The response must consist of the lines below from the one with "Definition is_type_A (r" through the one with "(forall k, k != j -> A i k != -1) /\", exactly as they appear and with both ends kept.

*** Information provided ***

(* Let $N=[n(i,j)]$ be an $r\times r$ indecomposable generalised Cartan matrix. There exists an $r\times r$ matrix $A'$ such that (a) $A'_{ii}=1$ for $1\le i\le r$; (b) $A'_{ij}\in\{0,-1\}$ for $i\ne j$; (c) $A'_{ij}+A'_{ji}=n(j,i)$ for all $i,j$; (d) if $A'_{ij}=-1$, then the $i$-th row and the $j$-th column of $A'$ have no other entries equal to $-1$, if and only if $N$ is the generalised Cartan matrix of type $A_r$ ($r\ge1$) or of type $A^{(1)}_{r-1}$ ($r\ge 2$). For $A_1$ or $A^{(1)}_1$ there is exactly one matrix satisfying (a)–(d), and for $A_r$ ($r\ge2$) or $A^{(1)}_{r-1}$ ($r\ge3$) there are exactly two.
   Context: A generalised Cartan matrix is $N=[n(i,j)]_{1\le i,j\le r}$ with $n(i,j)\in\mathbb Z$, $n(i,i)=2$, $n(i,j)\le 0$ for $i\neq j$, and $n(i,j)=0\iff n(j,i)=0$; it is indecomposable if there is no partition of $\{1,\dots,r\}$ into two nonempty sets $I,J$ with $n(i,j)=0$ for all $i\in I,j\in J$. The generalised Cartan matrix of type $A_r$ ($r\ge1$) is the $r\times r$ matrix with $2$ on the diagonal, $-1$ in positions $(i,i\pm1)$ and $0$ elsewhere; that of type $A^{(1)}_1$ is $\begin{pmatrix}2&-2\\-2&2\end{pmatrix}$; that of type $A^{(1)}_{r-1}$ ($r\ge3$) is the $r\times r$ matrix with $2$ on the diagonal, $-1$ in positions $(i,i\pm1)$ and $(1,r),(r,1)$, and $0$ elsewhere. ''$N$ is the generalised Cartan matrix of type X'' means $N$ equals it up to a simultaneous permutation of rows and columns. *)

From HB Require Import structures.
From mathcomp Require Import all_boot all_order all_algebra all_fingroup.
Set Implicit Arguments. Unset Strict Implicit. Unset Printing Implicit Defensive.
Import Order.TTheory GRing.Theory Num.Theory.
Local Open Scope ring_scope.

Definition is_gcm (r : nat) (N : 'M[int]_r) : Prop :=
  [/\ (forall i, N i i = 2),
      (forall i j, i != j -> N i j <= 0) &
      (forall i j, N i j = 0 <-> N j i = 0)].

Definition indecomposable (r : nat) (N : 'M[int]_r) : Prop :=
  ~ (exists I : {set 'I_r},
        [/\ I != set0, ~: I != set0 &
            forall i j, i \in I -> j \in ~: I -> N i j = 0]).

Definition cartanA (r : nat) : 'M[int]_r :=
  \matrix_(i < r, j < r)
    if i == j then 2
    else if ((i.+1 == j :> nat) || (j.+1 == i :> nat)) then -1 else 0.

Definition cartanAaff (r : nat) : 'M[int]_r :=
  \matrix_(i < r, j < r)
    if i == j then 2
    else if r == 2%N then -2
    else if [|| (i.+1 == j :> nat), (j.+1 == i :> nat),
                ((i == 0 :> nat) && (j == r.-1 :> nat)) |
                ((j == 0 :> nat) && (i == r.-1 :> nat))] then -1 else 0.

Definition perm_equiv (r : nat) (N M : 'M[int]_r) : Prop :=
  exists s : 'S_r, forall i j, N i j = M (s i) (s j).

Definition is_type_A (r : nat) (N : 'M[int]_r) : Prop :=
  (1 <= r)%N /\ perm_equiv N (cartanA r).

Definition is_type_Aaff (r : nat) (N : 'M[int]_r) : Prop :=
  (2 <= r)%N /\ perm_equiv N (cartanAaff r).

Definition good_Aprime (r : nat) (N A : 'M[int]_r) : Prop :=
  [/\ (forall i, A i i = 1),
      (forall i j, i != j -> A i j = 0 \/ A i j = -1),
      (forall i j, A i j + A j i = N j i) &
      (forall i j, A i j = -1 ->
         (forall k, k != j -> A i k != -1) /\
         (forall k, k != i -> A k j != -1))].

From HB Require Import structures.
From mathcomp Require Import all_boot all_order all_algebra all_fingroup.
From mathcomp Require Import zify.
Set Implicit Arguments. Unset Strict Implicit. Unset Printing Implicit Defensive.
Import Order.TTheory GRing.Theory Num.Theory.
Local Open Scope ring_scope.

(** The entries -1 of A' are arrows i -> j forming a partial injection
    without loops: at most one arrow leaves and at most one enters each
    vertex. Their components are therefore directed paths and cycles, and by
    (c) N = A' + A'^T is the Cartan matrix of the underlying undirected graph,
    so indecomposability leaves a single path (type A_r) or a single cycle
    (type A^(1)_{r-1}). Conversely, on a path or a cycle condition (d)
    propagates the orientation of one edge along the whole chain, so A' is one
    of the two orientations, and these coincide exactly for A_1 and
    A^(1)_1. *)

Section GoodAprime.

Variables (r : nat) (N A : 'M[int]_r).
Hypothesis GA : good_Aprime N A.

Lemma goodA_diag i : A i i = 1.
Proof. by case: GA. Qed.

Lemma goodA_offdiag i j : i != j -> A i j = 0 \/ A i j = -1.
Proof. by case: GA => _ + _ _; apply. Qed.

Lemma goodA_sum i j : A i j + A j i = N j i.
Proof. by case: GA. Qed.

Lemma goodA_row_uniq i j k : A i j = -1 -> A i k = -1 -> j = k.
Proof.
move=> Aij Aik; case: GA => _ _ _ /(_ i j Aij) [row_i _].
by apply/eqP; apply: contraT; rewrite eq_sym => /row_i; rewrite Aik eqxx.
Qed.

Lemma goodA_col_uniq i j k : A i j = -1 -> A k j = -1 -> i = k.
Proof.
move=> Aij Akj; case: GA => _ _ _ /(_ i j Aij) [_ col_j].
by apply/eqP; apply: contraT; rewrite eq_sym => /col_j; rewrite Akj eqxx.
Qed.

Lemma goodA_propagate x y z :
  x != z -> N y x = -1 -> N z y = -1 -> A x y = -1 -> A y z = -1.
Proof.
move=> xz Nxy Nyz Axy.
have yz : y != z.
  by apply/eqP => yz; move: Nyz; rewrite -yz -goodA_sum goodA_diag.
case: (goodA_offdiag yz) => // Ayz.
have Azy : A z y = -1 by rewrite -Nyz -goodA_sum Ayz add0r.
by move: xz; rewrite (goodA_col_uniq Axy Azy) eqxx.
Qed.

End GoodAprime.

Lemma goodA_tr r (N A : 'M[int]_r) :
  good_Aprime N A -> good_Aprime N A^T.
Proof.
move=> [diag off sum arrows]; split.
- by move=> i; rewrite mxE.
- by move=> i j ij; rewrite mxE; apply: off; rewrite eq_sym.
- by move=> i j; rewrite !mxE addrC sum.
- move=> i j; rewrite mxE => /arrows[row col].
  by split=> k nk; rewrite mxE; [apply: col | apply: row].
Qed.

Lemma goodA_mxsub r (s : 'S_r) (N A : 'M[int]_r) :
  good_Aprime N A -> good_Aprime (mxsub s s N) (mxsub s s A).
Proof.
move=> [diag off sum arrows]; split=> [i | i j ij | i j | i j].
- by rewrite mxE.
- by rewrite mxE; apply: off; rewrite (inj_eq perm_inj).
- by rewrite !mxE.
- rewrite mxE => /arrows[row col]; split=> k nk; rewrite mxE;
    [apply: row | apply: col]; by rewrite (inj_eq perm_inj).
Qed.

Lemma mxsub_permK (R : Type) r (s : 'S_r) (M : 'M[R]_r) :
  mxsub s^-1%g s^-1%g (mxsub s s M) = M.
Proof. by apply/matrixP => i j; rewrite !mxE !permKV. Qed.

Lemma mxsub_permVK (R : Type) r (s : 'S_r) (M : 'M[R]_r) :
  mxsub s s (mxsub s^-1%g s^-1%g M) = M.
Proof. by apply/matrixP => i j; rewrite !mxE !permK. Qed.

Definition chain_edge (cyc : bool) (p a b : nat) : bool :=
  (a.+1 == b)%N || [&& cyc, a.+1 == p & b == 0]%N.

Lemma chain_edge_irr (cyc : bool) p a :
  (cyc -> 1 < p)%N -> (a < p)%N -> ~~ chain_edge cyc p a a.
Proof. by rewrite /chain_edge; case: cyc => /=; lia. Qed.

Lemma chain_edge_fun cyc p a b c :
  (b < p)%N -> (c < p)%N ->
  chain_edge cyc p a b -> chain_edge cyc p a c -> b = c.
Proof. by rewrite /chain_edge; lia. Qed.

Lemma chain_edge_inj cyc p a b c :
  (a < p)%N -> (b < p)%N ->
  chain_edge cyc p a c -> chain_edge cyc p b c -> a = b.
Proof. by rewrite /chain_edge; lia. Qed.

Definition chain_orient (cyc : bool) (p : nat) : 'M[int]_p :=
  \matrix_(a, b) ((a == b)%:R - (chain_edge cyc p a b)%:R).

*** End of Information provided ***

_Answer to the problem_.
Definition is_type_A (r : nat) (N : 'M[int]_r) : Prop :=
  (1 <= r)%N /\ perm_equiv N (cartanA r).

Definition is_type_Aaff (r : nat) (N : 'M[int]_r) : Prop :=
  (2 <= r)%N /\ perm_equiv N (cartanAaff r).

Definition good_Aprime (r : nat) (N A : 'M[int]_r) : Prop :=
  [/\ (forall i, A i i = 1),
      (forall i j, i != j -> A i j = 0 \/ A i j = -1),
      (forall i j, A i j + A j i = N j i) &
      (forall i j, A i j = -1 ->
         (forall k, k != j -> A i k != -1) /\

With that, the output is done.